[Gluster-devel] Readdir plus implementation in tier xlator

Fri Apr 22 05:46:48 UTC 2016

comments are inline.

On 04/22/2016 09:41 AM, Vijay Bellur wrote:
> On Mon, Apr 18, 2016 at 3:28 AM, Mohammed Rafi K C <rkavunga at redhat.com> wrote:
>> Hi All,
>>
>> Currently we are experiencing some issues with the implementation of
>> readdirp in data tiering.
>>
>> Problem statement:
>>
>> When we do a readdirp, tiering reads entries only from cold tier. Since
>> the hashed subvol for all files has been set as cold tier by default we
>> will have all the files in cold tier. Some of them will be data files
>> and remaining will be pointer files(T files), which points to original
>> file in hot tier. The motivation behind this implementation was to
>> increase the performance of readdir by only looking up entries in one
>> tier. Also we ran into an issue where some files were not listed while
>> using the default dht_readdirp. This is because dht_readdir reads
>> entries from each subvol sequentially. Since tiering migrates files
>> frequently this led to an issue where if a file was migrated off a
>> subvol before the readdir got to it, but after the readdir had processed
>> the target subvol, it would not show up in the listing [1].
>>
>> So for the files residing in hot tier we will fallback to readdir i.e,
>> we won't give stat for such entries to application. This is because the
>> corresponding pointer file in cold tier won't be having a proper stat.
>> So we forced fuse clients to do a explicit lookup/stat for such entries
>> by setting nodeid as null. Similarly in case of native nfs, we marked
>> such entries as stale stat by setting attributes_follow = FALSE.
>>
> Is the explicit lookup done by the kernel fuse module or is it done in
> our bridge layer?

it is an explicit lookup done by the kernel.

>
> Also does md-cache handle the case where nodeid is NULL in a readdirp response?

if entry->inode set as null, reaaddirp won't cache that entry.

>
>
>
>> But the problem comes when we use gf_api, where we don't have any
>> control over client behavior. So to fix this issue we have to give stat
>> information for all the entries.
>>
> Apart from Samba, what other consumers of gfapi have this problem?

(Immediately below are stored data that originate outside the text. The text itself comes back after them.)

(* Let $(\mathcal T,\{B_i\})$ be a tree decomposition of a graph $G$, rooted at $r$, with every node at level at most $d$, and let $\lambda\in\{1,\dots,d\}$. Define new bags $$B'_v := \bigcup\big\{B_w : w\in\mathcal T_{v\leftrightarrow r},\ w\in \mathcal T_{v\leftrightarrow\sigma(v)} \text{ or } w \text{ is a synchronization node}\big\}$$ for $v\neq r$, and $B'_r := B_r$. Then $(\mathcal T,\{B'_v\})$ has combinatorial diameter at most $3$.
   Context: Tree decomposition: tree with bags covering vertices and edges of $G$, each vertex's bags forming a connected subtree. $\mathcal T_{x\leftrightarrow y}$ is the set of nodes on the unique $x$–$y$ path in $\mathcal T$. The level of a node $v$ is the number of edges on $\mathcal T_{v\leftrightarrow r}$. A node is a synchronization node if its level is a multiple of $\lambda$. For $v\neq r$, $\sigma(v)$ is the first synchronization node on the path from $v$ to $r$, excluding $v$. Combinatorial diameter: for nodes $s,t$ consider the path $\mathcal T_{s\leftrightarrow t}$. A non-endpoint node $v$ of the current path, with its two neighbours on the current path labelled $u,w$ (in some order), is redundant if $B_v\cap B_w\subseteq B_u$; bypassing $v$ deletes $v$ and joins $u,w$. The path has combinatorial length at most $\ell$ if repeatedly bypassing redundant nodes (redundancy evaluated in the current path) yields a path with at most $\ell$ edges. The combinatorial diameter is the minimum $\delta$ such that every path $\mathcal T_{u\leftrightarrow v}$ has combinatorial length at most $\delta$ (with respect to the given bags). *)

From Stdlib Require Relations.
From mathcomp Require Import all_boot.

Set Implicit Arguments.
Unset Strict Implicit.
Unset Printing Implicit Defensive.

Definition is_tpath (N : finType) (e : rel N) (x y : N) (p : seq N) : bool :=
  [&& path e x p, last x p == y & uniq (x :: p)].
Lemma iint_indic_prodset n (x : n.-tuple (R * R)) (Dt : 'I_n -> set (R * R)) :
  (forall t, measurable (Dt t)) ->
  iint s2 x (fun w => (\1_(prodset Dt) w)%:E) =
  (\big[*%E/1%E]_(t < n) intC s2 (tnth x t) (Dt t))%E.
Proof.
elim: n x Dt => [|n IH] x Dt mD; first by rewrite big_ord0 /= indicE mem_set // => -[].
case/tupleP: x => x0 x; rewrite big_ord_recl tnth0 /= theadE.
have -> : behead_tuple (cons_tuple x0 x) = x by apply: val_inj.
set c := (\big[*%E/1%E]_(t < n) _)%E.
have IHc : iint s2 x (fun w => (\1_(prodset (Dt \o lift ord0)) w)%:E) = c.
  by rewrite IH /c => [|t]; [apply: eq_bigr => t _; rewrite tnthS | exact: mD].
have inner z : iint s2 x (fun w => (\1_(prodset Dt) (cons_tuple z w))%:E) =
               ((\1_(Dt ord0) z)%:E * c)%E.
  have [Dz|nDz] := boolP (z \in Dt ord0).
    rewrite indicE Dz mul1e -IHc; congr iint; apply/funext => w.
    by rewrite indic_prodset_cons indicE Dz mul1r.
  rewrite indicE (negbTE nDz) mul0e -(iint0 x); congr iint; apply/funext => w.
  by rewrite indic_prodset_cons indicE (negbTE nDz) mul0r.
under eq_integral do rewrite inner muleA.
rewrite ge0_integralZr //.
- by rewrite /intC [in RHS]integral_mkcond epatch_indic.
- apply: emeasurable_funM; apply: measurableT_comp => //; exact: measurable_dens.
- by move=> z _; rewrite mule_ge0 // lee_fin ?dens_ge0.
- by apply: prode_ge0 => t _; exact: intC_ge0.
Qed.
(* Let $V$ be a finite set of truth values and $\models_{\mathcal{D},\mathcal{D}}$ a pure consequence truth-relation on $V$ (constant expressive semantics). Then it admits exactly the same regular connectives as classical logic: a regularity rule is satisfied by some connective for $\models_{\mathcal{D},\mathcal{D}}$ iff it is satisfied by some classical connective.
   Context: $V$ contains distinct $1,0$; $\mathcal{D}\subseteq V$ with $1\in\mathcal{D}$, $0\notin\mathcal{D}$; $\gamma\models_{\mathcal{D},\mathcal{D}}\delta$ iff ($\gamma\subseteq\mathcal{D}\Rightarrow\delta\cap\mathcal{D}\neq\emptyset$). Semantics: valuations mapping atoms to $V$, connectives interpreted by fixed truth functions, extended compositionally, every assignment to finitely many distinct atoms realized; constant expressive: every value is the constant value of some formula. $\Gamma\vdash\Delta$ iff $v(\Gamma)\models v(\Delta)$ for all $v$. An $n$-ary connective $C$ is regular with rule $(\mathcal{B}^p,\mathcal{B}^c)$, $\mathcal{B}^p,\mathcal{B}^c\subseteq\mathcal{P}(\{1..n\})^2$, if for all $\Gamma,\Delta,F_1..F_n$: $\Gamma\cup\{C(\vec F)\}\vdash\Delta$ iff for all $(B_p,B_c)\in\mathcal{B}^p$, $\Gamma\cup\{F_i:i\in B_p\}\vdash\{F_i:i\in B_c\}\cup\Delta$; $\Gamma\vdash\{C(\vec F)\}\cup\Delta$ iff the same for all $(B_p,B_c)\in\mathcal{B}^c$. Classical logic: $V=\{0,1\}$ with relation $\models_{\{1\},\{1\}}$; classical connectives are truth functions $\{0,1\}^n\to\{0,1\}$. *)

From mathcomp Require Import all_boot.
Set Implicit Arguments. Unset Strict Implicit. Unset Printing Implicit Defensive.

Record semantics (V : Type) := Semantics {
  conn : nat -> Type;
  interp : forall n, conn n -> ('I_n -> V) -> V
}.

Inductive form (V : Type) (S : semantics V) : Type :=
| Atom : nat -> form S
| App : forall n, conn S n -> ('I_n -> form S) -> form S.

Fixpoint eval (V : Type) (S : semantics V) (v : nat -> V) (F : form S) : V :=
  match F with
  | Atom k => v k
  | App n c args => interp c (fun i => eval v (args i))
  end.

Definition const_expressive (V : Type) (S : semantics V) : Prop :=
  forall x : V, exists F : form S, forall v : nat -> V, eval v F = x.

Definition truth_rel (V : Type) (D : V -> bool) (gamma delta : V -> Prop) : Prop :=
  (forall x, gamma x -> D x) -> exists2 y, delta y & D y.

Definition vimg (V : Type) (S : semantics V) (v : nat -> V) (G : form S -> Prop)
  : V -> Prop := fun x => exists2 F, G F & eval v F = x.

Definition cons (V : Type) (D : V -> bool) (S : semantics V)
  (Gamma Delta : form S -> Prop) : Prop :=
  forall v : nat -> V, truth_rel D (vimg v Gamma) (vimg v Delta).

Definition setU1f (V : Type) (S : semantics V) (G : form S -> Prop) (F : form S) :=
  fun H => G H \/ H = F.
Definition setUf (V : Type) (S : semantics V) (G1 G2 : form S -> Prop) :=
  fun H => G1 H \/ G2 H.
Definition fam (V : Type) (S : semantics V) n (Fs : 'I_n -> form S) (B : {set 'I_n}) :=
  fun H => exists2 i, i \in B & H = Fs i.

Definition rule n := {set ({set 'I_n} * {set 'I_n})}.

Definition regular (V : Type) (D : V -> bool) (S : semantics V) n (c : conn S n)
  (Bp Bc : rule n) : Prop :=
  forall (Gamma Delta : form S -> Prop) (Fs : 'I_n -> form S),
    (cons D (setU1f Gamma (App c Fs)) Delta <->
       (forall b, b \in Bp ->
          cons D (setUf Gamma (fam Fs b.1)) (setUf (fam Fs b.2) Delta)))
 /\ (cons D Gamma (setU1f Delta (App c Fs)) <->
       (forall b, b \in Bc ->
          cons D (setUf Gamma (fam Fs b.1)) (setUf (fam Fs b.2) Delta))).

(* Classical logic: V = {0,1} = bool, D = {1}. *)
Definition classD : bool -> bool := fun b => b.

From mathcomp Require Import all_boot.
From Stdlib Require Import Setoid FunctionalExtensionality.
Set Implicit Arguments. Unset Strict Implicit. Unset Printing Implicit Defensive.

(* Under a valuation, a pair (B1, B2) of a rule is satisfied when every
   premise indexed by B1 is designated and none indexed by B2 is.  Read
   valuation by valuation, a left rule Bp says that C(F) is designated
   exactly when some pair of Bp is satisfied, and a right rule Bc that C(F)
   is undesignated exactly when some pair of Bc is satisfied.  So a rule is
   realisable iff Bp and Bc are complementary on every designation pattern
   d : 'I_n -> bool: necessity tests regularity on constant formulas
   realising d, sufficiency interprets C as "one if Bp is satisfied, else
   zero".  This criterion does not mention V, so V and bool admit the same
   rules. *)

Definition pair_sat n (b : {set 'I_n} * {set 'I_n}) (d : 'I_n -> bool) : bool :=
  [forall i in b.1, d i] && [forall i in b.2, ~~ d i].

Definition rule_sat n (B : rule n) (d : 'I_n -> bool) : bool :=
  [exists b in B, pair_sat b d].

Definition complementary n (Bp Bc : rule n) : Prop :=
  forall d, rule_sat Bp d = ~~ rule_sat Bc d.

Lemma rule_sat_imply n (B : rule n) d (P : Prop) :
  (rule_sat B d -> P) <-> (forall b, b \in B -> pair_sat b d -> P).
Proof.
split=> [H b bB bd | H /existsP [b /andP [bB bd]]]; last exact: H bB bd.
by apply: H; apply/existsP; exists b; rewrite bB.
Qed.

Section Sequents.

Variables (V : Type) (D : V -> bool) (S : semantics V).
Implicit Types (v : nat -> V) (Gamma Delta : form S -> Prop).

Definition valid_at v Gamma Delta : Prop :=
  (forall F, Gamma F -> D (eval v F)) -> exists2 F, Delta F & D (eval v F).

Definition designation v n (Fs : 'I_n -> form S) : 'I_n -> bool :=
  fun i => D (eval v (Fs i)).

Lemma consE Gamma Delta : cons D Gamma Delta <-> forall v, valid_at v Gamma Delta.
Proof.
split=> H v HG.
- have [|_ [F DF <-] DFv] := H v; first by move=> _ [F GF <-]; exact: HG.
  by exists F.
- have [|F DF DFv] := H v; first by move=> F GF; apply: HG; exists F.
  by exists (eval v F) => //; exists F.
Qed.

Lemma valid_at_empty v : ~ valid_at v (fun _ => False) (fun _ => False).
Proof. by move=> H; have [] := H (fun _ => False_ind _). Qed.

Lemma valid_at_addl v Gamma Delta G :
  valid_at v (setU1f Gamma G) Delta <-> (D (eval v G) -> valid_at v Gamma Delta).
Proof.
split=> [H DG HG | H HG]; first by apply: H => F [/HG | ->].
by apply: H => [|F GF]; apply: HG; [right | left].
Qed.

Lemma valid_at_addr v Gamma Delta G :
  valid_at v Gamma (setU1f Delta G) <-> (~~ D (eval v G) -> valid_at v Gamma Delta).
Proof.
split=> [H nDG /H [F [DF | ->] DFv] | H HG]; first by exists F.
  by rewrite DFv in nDG.
case DG: (D (eval v G)); first by exists G; [right|].
by have [F DF DFv] := H (negbT DG) HG; exists F; first left.
Qed.

Lemma valid_at_fam v Gamma Delta n (Fs : 'I_n -> form S) b :
  valid_at v (setUf Gamma (fam Fs b.1)) (setUf (fam Fs b.2) Delta)
  <-> (pair_sat b (designation v Fs) -> valid_at v Gamma Delta).
Proof.
split=> [H /andP [/forallP d1 /forallP nd2] HG | H HG].
  have [F [/HG // | [i i1 ->]] | F [[i i2 ->] | DF] DFv] := H.
  - exact: implyP (d1 i) i1.
  - by have := implyP (nd2 i) i2; rewrite /designation DFv.
  - by exists F.
have [/existsP [i /andP [i2 di]] | nd2] := boolP [exists i in b.2, designation v Fs i].
  by exists (Fs i); first by left; exists i.
have sat_b : pair_sat b (designation v Fs).
  apply/andP; split; apply/forallP=> i; apply/implyP=> ib.
    by apply: HG; right; exists i.
  by apply: contra nd2 => di; apply/existsP; exists i; rewrite ib.
have [F DF DFv] := H sat_b (fun F GF => HG F (or_introl GF)).
by exists F; first right.
Qed.

Lemma cons_rule_iff n (B : rule n) (Fs : 'I_n -> form S) Gamma Delta Gamma' Delta' :
  (forall v, valid_at v Gamma' Delta'
             <-> (rule_sat B (designation v Fs) -> valid_at v Gamma Delta)) ->
  cons D Gamma' Delta'
  <-> forall b, b \in B -> cons D (setUf Gamma (fam Fs b.1)) (setUf (fam Fs b.2) Delta).
Proof.
move=> Hv; rewrite consE; split=> H.
  move=> b bB; apply/consE => v; apply/valid_at_fam.
  by move/Hv/rule_sat_imply: (H v); apply.
move=> v; apply/Hv/rule_sat_imply => b bB; apply/valid_at_fam.
by move/consE: (H b bB); apply.
Qed.

Lemma regular_of_designation n (c : conn S n) (Bp Bc : rule n) :
  complementary Bp Bc ->
  (forall v Fs, D (eval v (App c Fs)) = rule_sat Bp (designation v Fs)) ->
  regular D c Bp Bc.
Proof.
move=> comp Dc Gamma Delta Fs; split; apply: cons_rule_iff => v.
  by rewrite valid_at_addl Dc.
by rewrite valid_at_addr Dc comp negbK.
Qed.

Lemma eval_App_const n (c : conn S n) (Fs : 'I_n -> form S) :
  (forall i v w, eval v (Fs i) = eval w (Fs i)) ->
  forall v w, eval v (App c Fs) = eval w (App c Fs).
Proof.
move=> cFs v w /=; congr (interp c _).
by apply: functional_extensionality => i; exact: cFs.
Qed.

Lemma const_expressive_designation (one zero : V) :
  D one -> ~~ D zero -> const_expressive S ->
  forall n (d : 'I_n -> bool), exists Fs : 'I_n -> form S,
    (forall v, designation v Fs = d) /\ (forall i v w, eval v (Fs i) = eval w (Fs i)).
Proof.
move=> D1 D0 CE n d; have [[F1 F1E] [F0 F0E]] := (CE one, CE zero).
exists (fun i => if d i then F1 else F0); split.
  move=> v; apply: functional_extensionality => i; rewrite /designation.
  by case: (d i); rewrite ?F1E ?F0E // (negbTE D0).
by move=> i v w; case: (d i); rewrite ?F1E ?F0E.
Qed.

Lemma cons_addl_empty (G : form S) :
  cons D (setU1f (fun _ => False) G) (fun _ => False) <-> forall v, ~~ D (eval v G).
Proof.
rewrite consE; split=> H v.
  by apply/negP => DG; have /valid_at_addl/(_ DG) := H v; apply: valid_at_empty.
by apply/valid_at_addl; rewrite (negbTE (H v)).
Qed.

Lemma cons_addr_empty (G : form S) :
  cons D (fun _ => False) (setU1f (fun _ => False) G) <-> forall v, D (eval v G).
Proof.
rewrite consE; split=> H v.
  by apply/negPn/negP => nDG; have /valid_at_addr/(_ nDG) := H v; apply: valid_at_empty.
by apply/valid_at_addr; rewrite H.
Qed.

Lemma cons_fam_pattern (v0 : nat -> V) n (Fs : 'I_n -> form S) d (B : rule n) :
  (forall v, designation v Fs = d) ->
  (forall b, b \in B ->
     cons D (setUf (fun _ => False) (fam Fs b.1)) (setUf (fam Fs b.2) (fun _ => False)))
  <-> ~~ rule_sat B d.
Proof.
move=> dFs; split=> [H | /negP nsat b bB].
  apply/negP/rule_sat_imply => b bB sat_b.
  have /consE/(_ v0)/valid_at_fam := H b bB.
  by rewrite dFs => /(_ sat_b); apply: valid_at_empty.
apply/consE => v; apply/valid_at_fam; rewrite dFs => sat_b.
by case: nsat; apply/existsP; exists b; rewrite bB.
Qed.

Lemma regular_complementary (one zero : V) n (c : conn S n) (Bp Bc : rule n) :
  D one -> ~~ D zero -> const_expressive S -> regular D c Bp Bc -> complementary Bp Bc.
Proof.
move=> D1 D0 CE Hreg d.
have [Fs [dFs cFs]] := const_expressive_designation D1 D0 CE d.
have [Hl Hr] := Hreg (fun _ => False) (fun _ => False) Fs.
pose v0 : nat -> V := fun _ => one.
have cG v : eval v (App c Fs) = eval v0 (App c Fs) by apply: eval_App_const.
have pattern B := cons_fam_pattern v0 B dFs.
have <- : D (eval v0 (App c Fs)) = rule_sat Bp d.
  apply: negb_inj; apply/idP/idP => [nDG | /pattern/Hl/cons_addl_empty]; last by apply.
  by apply/pattern/Hl/cons_addl_empty => v; rewrite cG.
apply/idP/idP => [DG | /pattern/Hr/cons_addr_empty]; last by apply.
by apply/pattern/Hr/cons_addr_empty => v; rewrite cG.
Qed.

End Sequents.

Section RuleConnective.

Variables (V : Type) (D : V -> bool) (one zero : V) (n : nat) (Bp : rule n).

Inductive rule_conn : nat -> Type :=
| Const : V -> rule_conn 0
| Rule : rule_conn n.

Definition rule_interp m (k : rule_conn m) : ('I_m -> V) -> V :=
  match k with
  | Const x => fun _ => x
  | Rule => fun args => if rule_sat Bp (D \o args) then one else zero
  end.

Definition rule_semantics : semantics V := Semantics rule_interp.

Lemma rule_semantics_const_expressive : const_expressive rule_semantics.
Proof. by move=> x; exists (@App _ rule_semantics 0 (Const x) (fun _ => Atom _ 0)). Qed.

Lemma rule_semantics_designation : D one -> ~~ D zero ->
  forall v (Fs : 'I_n -> form rule_semantics),
    D (eval v (@App _ rule_semantics n Rule Fs)) = rule_sat Bp (designation D v Fs).
Proof. by move=> D1 D0 v Fs /=; case: ifP; rewrite ?D1 ?(negbTE D0). Qed.

End RuleConnective.

Lemma regular_connective_exists_iff (V : Type) (D : V -> bool) (one zero : V)
  n (Bp Bc : rule n) : D one -> ~~ D zero ->
  (exists (S : semantics V) (c : conn S n), const_expressive S /\ regular D c Bp Bc)
  <-> complementary Bp Bc.
Proof.
move=> D1 D0; split=> [[S [c [CE Hreg]]] | comp].
  exact: regular_complementary D1 D0 CE Hreg.
exists (rule_semantics D one zero Bp), (Rule V n); split.
  exact: rule_semantics_const_expressive.
exact/(regular_of_designation comp)/rule_semantics_designation.
Qed.

Theorem theorem6p2 (V : finType) (D : V -> bool) (one zero : V)
  (Hneq : one != zero) (H1 : D one) (H0 : ~~ D zero)
  (n : nat) (Bp Bc : rule n) :
  (exists (S : semantics V) (c : conn S n),
      const_expressive S /\ regular D c Bp Bc)
  <->
  (exists (S : semantics bool) (c : conn S n),
      const_expressive S /\ regular classD c Bp Bc).
Proof.
rewrite (regular_connective_exists_iff _ _ H1 H0).
by rewrite (@regular_connective_exists_iff bool classD true false).
Qed.
(* Let $H^n$ be a binary Hamming code of length $n=2^k-1$ and $\lambda:H^n\to\{0,1\}$ a Boolean function with $\lambda(0^n)=0$. For $m=2^j(n+1)-1$, $j\ge 0$, define Hamming codes recursively by $H^{2m+1}=\{(x+y,|x|,x)\mid x\in F^m,\ y\in H^m\}$, and define $\lambda_m:H^m\to\{0,1\}$ by $\lambda_n=\lambda$ and $\lambda_{2m+1}(w)=\lambda_m(y)$ whenever $w\in (y,0^{m+1})+R^{2m+1}_{m+1}$, $y\in H^m$. Let $C_0=V_{H^n}^\lambda=\{(x+y,|x|+\lambda(y),x)\mid x\in F^n, y\in H^n\}$, $C_{i+1}=\{(x+y,|x|,x)\mid x\in F^{\ell_i},\ y\in C_i\}$ where $\ell_i$ is the length of $C_i$, let $s\ge 0$ and $C=C_s$, of length $N=2^{s+1}(n+1)-1$. Then: 1. $C$ is equivalent to the code $V_{H^{(N-1)/2}}^{\lambda_{(N-1)/2}}=\{(x+y,|x|+\lambda_{(N-1)/2}(y),x)\mid x\in F^{(N-1)/2},\ y\in H^{(N-1)/2}\}$. 2. If $R_j^{(N-1)/2}$ (a component of $H^{(N-1)/2}$, $1\le j\le (N-1)/2$) pierces the zeros and ones of $\lambda_{(N-1)/2}$, then the components $R_j^N$ and $R_{j+(N+1)/2}^N$ of $H^N$ pierce the zeros and ones of $\lambda_N$.
   Context: $|x|=x_1+\dots+x_m\pmod 2$ for $x\in F^m$. For a binary perfect code of length $m$ (here a Hamming code $H^m$) and $i\in\{1,\dots,m\}$, the (linear) $i$-component $R_i^m$ is the linear span of the weight-3 codewords whose support contains $i$; for $H^{2m+1}$ as defined, $R^{2m+1}_{m+1}=\{(x,|x|,x)\mid x\in F^m\}$, and its cosets $(y,0^{m+1})+R^{2m+1}_{m+1}$, $y\in H^m$, partition $H^{2m+1}$. A component $R$ pierces the zeros and ones of a function $\mu$ if $R$ contains both codewords where $\mu=0$ and codewords where $\mu=1$. Two codes of length $N$ are equivalent if one is mapped onto the other by an automorphism of $F^N$ (a translation followed by a coordinate permutation). *)

(* Binary words are represented as sequences of booleans
   (F = GF(2) = bool, addition = xor); a code is a set (predicate) of words. *)
From mathcomp Require Import all_boot all_fingroup.
Set Implicit Arguments. Unset Strict Implicit. Unset Printing Implicit Defensive.

Definition word := seq bool.
Definition code := word -> Prop.

Definition addw (x y : word) : word := [seq a.1 (+) a.2 | a <- zip x y].
Definition parity (x : word) : bool := foldr addb false x.
Definition wt (x : word) : nat := count id x.
Definition dist (x y : word) : nat := wt (addw x y).
Definition zerow (m : nat) : word := nseq m false.

(* binary Hamming code of length n = linear perfect 1-error-correcting code *)
Definition is_hamming (n : nat) (H : code) : Prop :=
  [/\ (forall w, H w -> size w = n),
      H (zerow n),
      (forall u v, H u -> H v -> H (addw u v)) &
      (forall x, size x = n -> exists! c, H c /\ dist x c <= 1)].

Definition Vcode (m : nat) (H : code) (mu : word -> bool) : code :=
  fun w => exists x y, size x = m /\ H y /\
    w = addw x y ++ [:: parity x (+) mu y] ++ x.
(* Let $\kappa$ and $\lambda$ be infinite cardinals with $cf(\kappa)\leq\lambda<\kappa$. Let $\mathbb{W}=\{-1\}\cup\kappa$, ordered by declaring $-1$ smaller than every ordinal and ordering $\kappa$ as ordinals. Let $X=\{f\in\mathbb{W}^{\lambda^+}: supp(f)<\lambda^+\}$, where $supp(f)=\min\{\gamma<\lambda^+: f(\alpha)=0 \text{ for every } \alpha\geq\gamma\}$, with the order topology of the lexicographic order. Then $X$ is a strong Choquet (hence Baire), non-archimedean (hence hereditarily paracompact) LOTS, and $dis(X)\leq\lambda^+<\kappa<\Delta(X)$.
   Context: A LOTS is a linearly ordered set with its order topology. A space is non-archimedean if it has a base such that any two elements are either disjoint or one contains the other. A space is strong Choquet if player II has a winning strategy in the strong Choquet game (player I plays an open set $B_n$ and a point $f_n\in B_n$, with $B_n\subseteq A_{n-1}$; player II plays an open $A_n$ with $f_n\in A_n\subseteq B_n$; II wins if $\bigcap_n A_n\neq\emptyset$). $dis(X)$ is the least number of discrete subspaces needed to cover $X$; $\Delta(X)$ is the least cardinality of a non-empty open subset of $X$. *)

(* ordinals/cardinals modelled by well-ordered types;
   cardinal comparison via injections. *)
From Stdlib Require Import List Arith.

Definition injective {A B : Type} (f : A -> B) : Prop :=
  forall x y, f x = f y -> x = y.

Definition card_le (A B : Type) : Prop := exists f : A -> B, injective f.
Definition card_lt (A B : Type) : Prop := card_le A B /\ ~ card_le B A.

Definition well_order {T : Type} (R : T -> T -> Prop) : Prop :=
  (forall x, ~ R x x) /\
  (forall x y z, R x y -> R y z -> R x z) /\
  (forall x y, R x y \/ x = y \/ R y x) /\
  well_founded R.

Definition segment {T : Type} (R : T -> T -> Prop) (x : T) : Type :=
  { y : T | R y x }.

(* (T,R) is an infinite cardinal, i.e. an infinite initial ordinal *)
Definition infinite_cardinal {T : Type} (R : T -> T -> Prop) : Prop :=
  well_order R /\ card_le nat T /\
  forall x : T, ~ card_le T (segment R x).

(* (Tp,Rp) is (the order type of) the successor cardinal of the type L:
   |Tp| > |L| and every proper initial segment has size <= |L|. *)
Definition successor_cardinal_of (L : Type) {Tp : Type} (Rp : Tp -> Tp -> Prop) : Prop :=
  well_order Rp /\ card_lt L Tp /\
  forall x : Tp, card_le (segment Rp x) L.

(* cf(K,R) <= |L| : there is a cofinal map from L into K *)
Definition cof_le {K : Type} (R : K -> K -> Prop) (L : Type) : Prop :=
  exists g : L -> K, forall x : K, exists i : L, R x (g i) \/ x = g i.

(* W = {-1} ∪ kappa : None plays -1 *)
Definition Wlt {K : Type} (R : K -> K -> Prop) (a b : option K) : Prop :=
  match a, b with
  | None, Some _ => True
  | Some x, Some y => R x y
  | _, _ => False
  end.

Definition is_zero {K : Type} (R : K -> K -> Prop) (k : K) : Prop :=
  forall y, ~ R y k.

(* supp(f) < lambda^+ : f vanishes from some gamma on *)
Definition bounded_support {K Lp : Type} (R : K -> K -> Prop) (Rp : Lp -> Lp -> Prop)
  (f : Lp -> option K) : Prop :=
  exists gamma : Lp, forall alpha : Lp, ~ Rp alpha gamma ->
    exists z, f alpha = Some z /\ is_zero R z.

Definition Xspace {K Lp : Type} (R : K -> K -> Prop) (Rp : Lp -> Lp -> Prop) : Type :=
  { f : Lp -> option K | bounded_support R Rp f }.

In nfs-ganesha, What I understand is, they are not sending readdirp. So
there we are good. But any other app which always expect a valid
response from readdirp will fail.

>
>
>> Possible solutions:
>> 1. Revert the tier_readdirp to something similiar to dht_readdirp, then
>> fix problem in [1].
>> 2. Have the tier readdirp do a lookup for every linkfile entry it finds
>> and populate the data (which would cause a performance drop). This would
>> mean that other translators do not need to be aware of the tier behaviour.
>> 3. Do some sort of batched lookup in the tier readdirp layer to improve
>> the performance.
>>
>> Both 2 and 3 won't give any performance benefit, but solve the problem
>> in [1]. In fact this also not complete, because when we do the lookup
>> (batched or single), by the time the file could have moved from the hot
>> tier or vice versa which will again result in stale data.
>>
> Isn't this problem common with any of the solutions? Since tiering
> keeps moving data without any of the clients being aware, any
> attribute cache in the client stack can quickly go stale.

That is right.
>
>
>> 4. Revert to dht_readdirp and then instead of taking all entries from
>> hot tier, just take only entries which has T file in cold tier. (We can
>> delay deleting of data file after demotion, so that we will get the stat
>> from hot tier)
>>
> Going by the architectural model of xlators, tier should provide the
> right entries with attributes to the upper layers (xlators/vfs etc.).
> Relying on a specific behavior from layers above us to mask a problem
> in our layer does not seem ideal.  I would go with something like 2 or
> 3.  If we want to retain the current behavior, we should make it
> conditional as I am not certain that this behavior is foolproof too.

If we make the changes in tier_readdirp, then it effects the performance
of plane readdir (if md-cache was on). we may need to  turn off volume
option "performance.force-readdirp". What do you think here ?

Rafi

>
> Thanks,
> Vijay